Strategies for Success

Robert Hayes, the other libertarian gadfly at Alas, has an excellent comment on Ampersand's response to The Pursuit of Happyness:

You’re quite right that it was a 1 in a million jump for Gardner, because he went from being very-lower middle class (and that mostly through his wife’s income, IIRC) to very wealthy in one jump. That’s a damn hard jump to make.

But (and this is the part we talked about in class), it’s about the only jump that many black people get to see being others of their race make when they’re growing up. Oprah makes it to billionaire status, Michael Jordan goes from wherever he started to superstar, etc. Those transitions are spectacular (and praiseworthy, when like Gardner’s, Jordan’s, Oprah’s they come from skill and brains and effort rather than luck), but they aren’t the transitions that create real social mobility. Mobility in the mass comes from people moving from lower-middle to upper-middle, or poor to lower-middle, or desperately dirt-poor to stable working poor, and so on.

There's more, and it's worth reading. But come back, because I like to think that what I have to say is worth reading, too.

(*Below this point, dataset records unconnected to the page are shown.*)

Lemma is_linearZ T a x : is_linear T -> T (a *: x) = a *: T x.
Proof.
move=> Tlin; have T0 : T 0 = 0.
  have := Tlin 1 0 0; rewrite !scale1r addr0 => h.
  by apply: (addrI (T 0)); rewrite addr0 -h.
by rewrite -[a *: x]addr0 Tlin T0 addr0.
Qed.

Lemma projection_density_rank1 E : is_projection ip E -> density ip E ->
  exists2 e, ip e e = 1 & E = rank1 e.
Proof.
move=> [Eid Esa] dE; have [Elin _ _ _] := dE.
have [x /exists_unit_multiple[a aa]] := density_neq0 dE.
set e := a *: E x in aa; have Ee : E e = e by rewrite is_linearZ // Eid.
exists e => //; apply: funext => u.
set w := E u - ip (E u) e *: e.
have [/eqP|/exists_unit_multiple[c cc]] := eqVneq w 0.
  by rewrite subr_eq0 => /eqP ->; rewrite /rank1 Esa Ee.
exfalso.
have Ew : E (c *: w) = c *: w.
  by rewrite is_linearZ // /w addrC -scaleNr Elin Ee Eid.
have we : ip (c *: w) e = 0 by rewrite ipZl /w ipBl ipZl aa mulr1 subrr mulr0.
have ew : e != c *: w by apply: contra_eq_neq we => <-; rewrite aa oner_neq0.
have oS : orthonormal [set` [:: e; c *: w]].
  apply: (@sub_orthonormal _ ([set e] `|` [set c *: w])).
    by move=> b /=; rewrite !inE => /orP[/eqP->|/eqP->]; [left|right].
  by apply: orthonormal_setU1 => // [b b' -> ->|b ->]; rewrite ?eqxx.
have uS : uniq [:: e; c *: w] by rewrite /= inE andbT.
have := density_diag_sum_le1 dE uS oS.
by rewrite !big_cons big_nil Ee Ew aa cc /=; lra.
Qed.

Definition transition_prob e f : R := Re (ip f e * ip e f).

Lemma transition_probE e f : (transition_prob e f)%:C = ip f e * ip e f.
Proof. by rewrite /transition_prob (ipC f e) mulJ_ReE. Qed.

Lemma transition_prob_ge0 e f : 0 <= transition_prob e f.
Proof. by rewrite -lecR transition_probE (ipC f e) mul_conjC_ge0. Qed.

Lemma rank1_mixture e w al (lam q : R) u : al * Num.conj al = q%:C ->
  lam%:C *: rank1 (al *: e + w) u + rank1 (e - (lam%:C * Num.conj al) *: w) u =
  (lam * q + 1)%:C *: rank1 e u + (lam ^+ 2 * q + lam)%:C *: rank1 w u.
Proof.
move=> alq; rewrite /rank1 ipBr !ipDr !ipZr rmorphM /= conj_realC conjCK.
rewrite !scalerDr !scalerN !scalerA addrACA -scalerDl -scaleNr -scalerDl.
congr (_ *: _ + _ *: _); rewrite !(rmorphD, rmorphM) /= ?rmorphXn /= -alq; ring.
Qed.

This brings to mind a theme first brought to my attention by a post Patri made here back in 2005. As in poker, some strategies for success in life are riskier than others, and selection bias tends to make the high-risk strategies appear to work better than they actually do.

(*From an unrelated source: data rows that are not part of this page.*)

Lemma balanced_char_fiber (chi : R -> C) : (forall r, 0 <= mu r) ->
    is_char chi -> (exists r, chi r != 1) ->
  forall c, \sum_(r | chi r == chi c) mu r <= 1 - eps.
Proof.
move=> mu_ge0 chi_char nontriv c.
have [q [p p_prime [chiq_nontriv chiq_p]]] := char_exp_prime_order chi_char nontriv.
have chiq_p' r : (chi r ^+ q) ^+ p = 1 by rewrite -exprM.
have chiq_char := char_exp chi_char q.
apply: le_trans (balanced_char_fiber_prime chiq_char p_prime chiq_p' chiq_nontriv c).
rewrite [X in _ <= X]big_mkcond [X in X <= _]big_mkcond; apply: ler_sum => r _.
by case: eqP => [-> | _]; rewrite ?eqxx //; case: ifP.
Qed.

End BalancedFibers.

Local Notation toC := (real_complex _).

Lemma complex_norm_le_of_gap (K : realType) (S : K[i]) (x : K) : 0 <= x ->
  toC (8 * x) <= 2 - 2 * `|S| ^+ 2 -> `|S| <= toC (1 - x).
Proof.
move=> x_ge0; have [k normS] : exists k, `|S| = toC k.
  by apply/complex_realP; exact: normr_real.
have k_ge0 : 0 <= k by rewrite -ler0c -normS.
have -> : 2 - 2 * `|S| ^+ 2 = toC (2 - 2 * k ^+ 2).
  by rewrite normS rmorphB rmorphM rmorphXn /= !rmorph_nat.
(* |S|^2 <= 1 - 4x <= (1 - x)^2 *)
by rewrite normS !lecR => gap; nra.
Qed.

Lemma norm_real_complex (K : realType) (y : K) : `|toC y| = toC `|y|.
Proof.
have [y_ge0 | y_lt0] := lerP 0 y; first by rewrite !ger0_norm ?ler0c.
by rewrite !ltr0_norm ?ltcR // rmorphN.
Qed.

Lemma balanced_char_mean_le (K : realType) (R : finComNzRingType) (eps : K)
    (mu : R -> K) (psi : R -> K[i]) :
    0 <= eps -> is_distr mu -> balanced eps mu -> is_char psi -> (exists r, psi r != 1) ->
  `|\sum_r toC (mu r) * psi r| <= toC (1 - eps / #|R|%:R ^+ 2).
Proof.
move=> eps_ge0 [mu_ge0 mu_sum] mu_bal psi_char nontriv.
apply: complex_norm_le_of_gap; first by rewrite divr_ge0 ?exprn_ge0 ?ler0n.
have mu_sumC : \sum_r toC (mu r) = 1 by rewrite -rmorph_sum mu_sum.
have fiber_le r : toC eps <= 1 - \sum_(s | psi s == psi r) toC (mu s).
  rewrite -rmorph_sum -[1]/(toC 1) -rmorphB lecR.
  by rewrite lerBrDr addrC -lerBrDr (balanced_char_fiber mu_bal).
have mu_real r : (toC (mu r))^* = toC (mu r) by apply/CrealP; rewrite ger0_real ?ler0c.
have mu_geC0 r : 0 <= toC (mu r) by rewrite ler0c.
apply: le_trans (char_mean_sqr_gap mu_real mu_geC0 mu_sumC psi_char fiber_le).
by rewrite rmorphM fmorph_div rmorphXn /= !rmorph_nat mulrA mulrAC.
Qed.

Section CodeProbability.
Variables (K : realType) (R : finComNzRingType) (N : finLmodType R) (n : nat).
Variables (F : {linear 'rV[R]_n -> N}) (mu : 'I_n -> R -> K).
Hypothesis mu_distr : forall i, is_distr (mu i).
Implicit Types g : N -> K[i].

Definition char_mean (g : N -> K[i]) :=
  \sum_(x : 'rV[R]_n) g (F x) * \prod_i toC (mu i (x ord0 i)).

Lemma char_code_prod g x : is_char g -> g (F x) = \prod_i g (F (x ord0 i *: 'e_i)).
Proof. by move=> g_char; rewrite {1}(row_sum_delta x) raddf_sum char_sum. Qed.

Lemma char_coord g i : is_char g -> is_char (fun r : R => g (F (r *: 'e_i))).
Proof.
move=> g_char; split=> [|r s]; first by rewrite scale0r raddf0 g_char.1.
by rewrite scalerDl raddfD charD.
Qed.

Lemma char_mean_prod g : is_char g ->
  char_mean g = \prod_i \sum_r toC (mu i r) * g (F (r *: 'e_i)).
Proof.
move=> g_char; rewrite bigA_distr_bigA /char_mean.
pose row_of (phi : {ffun 'I_n -> R}) : 'rV[R]_n := \row_i phi i.
have row_of_bij : bijective row_of.
  exists (fun x : 'rV[R]_n => [ffun i => x ord0 i]) => [phi | x].
    by apply/ffunP => i; rewrite ffunE mxE.
  by apply/rowP => i; rewrite mxE ffunE.
rewrite (reindex row_of) /=; last exact: onW_bij.
apply: eq_bigr => phi _; rewrite char_code_prod // -big_split /=.
by apply: eq_bigr => i _; rewrite !mxE mulrC.
Qed.

Lemma char_mean_trivial g : (forall y, g y = 1) -> char_mean g = 1.
Proof.
move=> g1; have g_char : is_char g by split=> [|a b]; rewrite !g1 ?mulr1.
rewrite char_mean_prod // big1 // => i _.
under eq_bigr do rewrite g1 mulr1.
by rewrite -rmorph_sum (mu_distr i).2.
Qed.

Lemma code_nontrivial_coords g (w : K) :
  is_code F w -> is_char g -> (exists y, g y != 1) ->
  w <= #|[set i | [exists r, g (F (r *: 'e_i)) != 1]]|%:R.
Proof.
move=> F_code g_char [y gy]; rewrite leNgt; apply/negP => small.
have [x [x_sigma Fx]] := F_code _ small y.
move: gy; rewrite -Fx char_code_prod // big1 ?eqxx // => i _.
have [i_in | ] := boolP (i \in [set i | [exists r, g (F (r *: 'e_i)) != 1]]).
  by rewrite x_sigma // scale0r raddf0 g_char.1.
by rewrite inE => /existsPn/(_ (x ord0 i)); rewrite negbK => /eqP.
Qed.

Lemma char_mean_le g (eps w : K) : 0 <= eps -> (forall i, balanced eps (mu i)) ->
    is_code F w -> is_char g -> (exists y, g y != 1) ->
  `|char_mean g| <= toC (expR (- (eps * w / #|R|%:R ^+ 2))).
Proof.
move=> eps_ge0 mu_bal F_code g_char nontriv.
have w_le := code_nontrivial_coords F_code g_char nontriv.
set sigma := [set i | _] in w_le.
pose c := eps / #|R|%:R ^+ 2.
have c_ge0 : 0 <= c by rewrite divr_ge0 ?exprn_ge0 ?ler0n.
rewrite char_mean_prod // normr_prod.
apply: (@le_trans _ _ (\prod_i (if i \in sigma then toC (expR (- c)) else 1))).
  apply: ler_prod => i _; rewrite normr_ge0 /=; case: ifP => [i_in | i_out].
    have coord_nontriv : exists r, g (F (r *: 'e_i)) != 1.
      by move: i_in; rewrite inE => /existsP.
    apply: le_trans (balanced_char_mean_le eps_ge0 (mu_distr i) (mu_bal i)
      (char_coord i g_char) coord_nontriv) _.
    by rewrite lecR; have := expR_ge1Dx (- c); rewrite addrC.
  have coord1 r : g (F (r *: 'e_i)) = 1.
    by apply/eqP; move: i_out; rewrite inE => /negbT/existsPn/(_ r); rewrite negbK.
  under eq_bigr do rewrite coord1 mulr1.
  by rewrite -rmorph_sum (mu_distr i).2 normr1.
rewrite -big_mkcond prodr_const -rmorphXn lecR -expRM_natr ler_expR.
have -> : eps * w / #|R|%:R ^+ 2 = c * w by rewrite mulrAC.
by rewrite mulNr lerN2 ler_wpM2l.
Qed.

End CodeProbability.

Section CodeFourier.
Variables (K : realType) (R : finComNzRingType) (N : finLmodType R) (n : nat).
Variables (F : {linear 'rV[R]_n -> N}) (mu : 'I_n -> R -> K) (A : N).
Variables (J : finType) (chi : J -> N -> K[i]).
Hypothesis chi_fourier : fourier_family chi.

Lemma prob_code_fourier :
  toC (prob_code F mu A) = #|J|%:R^-1 * \sum_k chi k (- A) * char_mean F mu (chi k).
Proof.
have [J_gt0 chi_char chi_sum] := chi_fourier.
have indicator y : (y == 0)%:R = #|J|%:R^-1 * \sum_k chi k y :> K[i].
  by rewrite chi_sum natrM mulrA mulVf ?mul1r // pnatr_eq0 -lt0n.
rewrite /prob_code rmorph_sum /= big_mkcond /= /char_mean.
under [X in _ = _ * X]eq_bigr => k _ do rewrite mulr_sumr.
rewrite exchange_big mulr_sumr; apply: eq_bigr => x _.
set P := \prod_i _.
have -> : \sum_k chi k (- A) * (chi k (F x) * P) = (\sum_k chi k (F x - A)) * P.
  rewrite mulr_suml; apply: eq_bigr => k _.
  by rewrite charD // mulrA [chi k (- A) * _]mulrC.
rewrite mulrA -indicator subr_eq0 rmorph_prod.
by case: eqP; rewrite ?mul1r ?mul0r.
Qed.

Lemma prob_code_uniform_dev (B : K) : 0 <= B -> (forall i, is_distr (mu i)) ->
    (forall k, (exists y, chi k y != 1) -> `|char_mean F mu (chi k)| <= toC B) ->
  `|prob_code F mu A - #|N|%:R^-1| <= B.
Proof.
move=> B_ge0 mu_distr mean_le; have [J_gt0 chi_char _] := chi_fourier.
set T := [set k | [forall y, chi k y == 1%R]].
have card_T : (#|T| * #|N|)%N = #|J| := fourier_family_card_trivial chi_fourier.
have T_gt0 : (0 < #|T|)%N by move: J_gt0; rewrite -card_T muln_gt0 => /andP[].
have N_inv : #|N|%:R^-1 = #|J|%:R^-1 * #|T|%:R :> K[i].
  by rewrite -card_T natrM invfM mulrAC mulVf ?mul1r // pnatr_eq0 -lt0n.
have trivial_terms : \sum_(k in T) chi k (- A) * char_mean F mu (chi k) = #|T|%:R.
  rewrite -sumr_const; apply: eq_bigr => k; rewrite inE => /forallP k1.
  by rewrite char_mean_trivial // => [|y]; [rewrite (eqP (k1 _)) mul1r | exact/eqP].
have devE : toC (prob_code F mu A - #|N|%:R^-1) =
    #|J|%:R^-1 * \sum_(k | k \notin T) chi k (- A) * char_mean F mu (chi k).
  rewrite rmorphB /= prob_code_fourier (bigID (mem T)) /= trivial_terms mulrDr.
  by rewrite fmorphV /= rmorph_nat N_inv addrAC subrr add0r.
rewrite -lecR -norm_real_complex devE normrM ger0_norm ?invr_ge0 ?ler0n //.
rewrite ler_pdivrMl ?ltr0n //.
apply: le_trans (ler_norm_sum _ _ _) _.
apply: (@le_trans _ _ (\sum_(k | k \notin T) toC B)).
  apply: ler_sum => k; rewrite inE => /forallPn[y /negP chi_y].
  by rewrite normrM norm_char // mul1r mean_le //; exists y; apply/negP.
rewrite sumr_const -[X in X <= _]mulr_natl; apply: ler_wpM2r; first by rewrite ler0c.
by rewrite ler_nat max_card.
Qed.

End CodeFourier.

Theorem lemma2p4
  (T : countIdomainType)
  (hT : dedekind_domain T)
  (hfin : forall J : T -> Prop, is_ideal J -> (exists x, J x /\ x != 0) ->
            finite_quotient J)
  (a : T) (ha0 : a != 0) (hau : a \isn't a GRing.unit)
  (R : finComNzRingType) (phi : {rmorphism T -> R})
  (phi_surj : forall r : R, exists t, phi t = r)
  (phi_ker : forall t, phi t = 0 <-> exists u, t = a * u)
  (N : finLmodType R)
  (K : realType) (delta eps : K) (hdelta : 0 < delta) (heps : 0 < eps)
  (n : nat) (hn : (0 < n)%N)
  (mu : 'I_n -> R -> K)
  (hmu : forall i, is_distr (mu i))
  (hbal : forall i, balanced eps (mu i))
  (F : {linear 'rV[R]_n -> N})
  (hF : is_code F (delta * n%:R))
  (A : N) :
  `| prob_code F mu A - (#|N|%:R)^-1 |
    <= expR (- (eps * delta * n%:R / (#|R|%:R ^+ 2))).
Proof.
have [chi chi_fourier] := exists_fourier_family K[i] N.
apply: (prob_code_uniform_dev A chi_fourier); [exact: expR_ge0 | exact: hmu |].
move=> k nontriv; have [_ chi_char _] := chi_fourier.
by rewrite -(mulrA eps); exact: (char_mean_le hmu (ltW heps) hbal hF (chi_char k) nontriv).
Qed.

As inspiring as Howard Gardner's, Oprah Winfrey's, and Michael Jordan's stories are, I don't think that they're necessarily good role models. The high-risk strategies for success they adopted paid off for them, but the kind of success they've achieved requires extraordinary talent and more than a bit of luck. For every person who succeeds with these strategies, there are dozens, probably hundreds, who fail, often miserably. But we don't see these people. We just see the tiny minority who succeed, and that hides the shortcomings of these strategies.

Most people, particularly those who have very little in the way of a family safety net to rely on, would be much better served by a more conservative strategy. If you're fortunate enough to be born in the US today, it's not hard to make it into the middle class. If you can make it to the age of 25 without having children, getting arrested, or developing drug or alcohol problems, and having graduated from high school and community college or trade school, you're set. It doesn't matter who your parents are or how much money they have. It doesn't matter what color your skin is. If you can do these things, and then show up on time to work every day thereafter, you'll do all right. If you live below your means and save up some money, you might even become moderately wealthy someday.

This strategy probably won't make you spectacularly rich, but there's no surefire way to get spectacularly rich. I'm glad that there are people who take big risks and succeed, but it's not a strategy I'd recommend to a young person of average ability, and it's arguably not an optimal strategy even for the gifted. The disproportionate emphasis on superstars keeps kids in the ghetto from seeing the role models they really need to see---the ones who achieve moderate success through a conservative, low-risk strategy.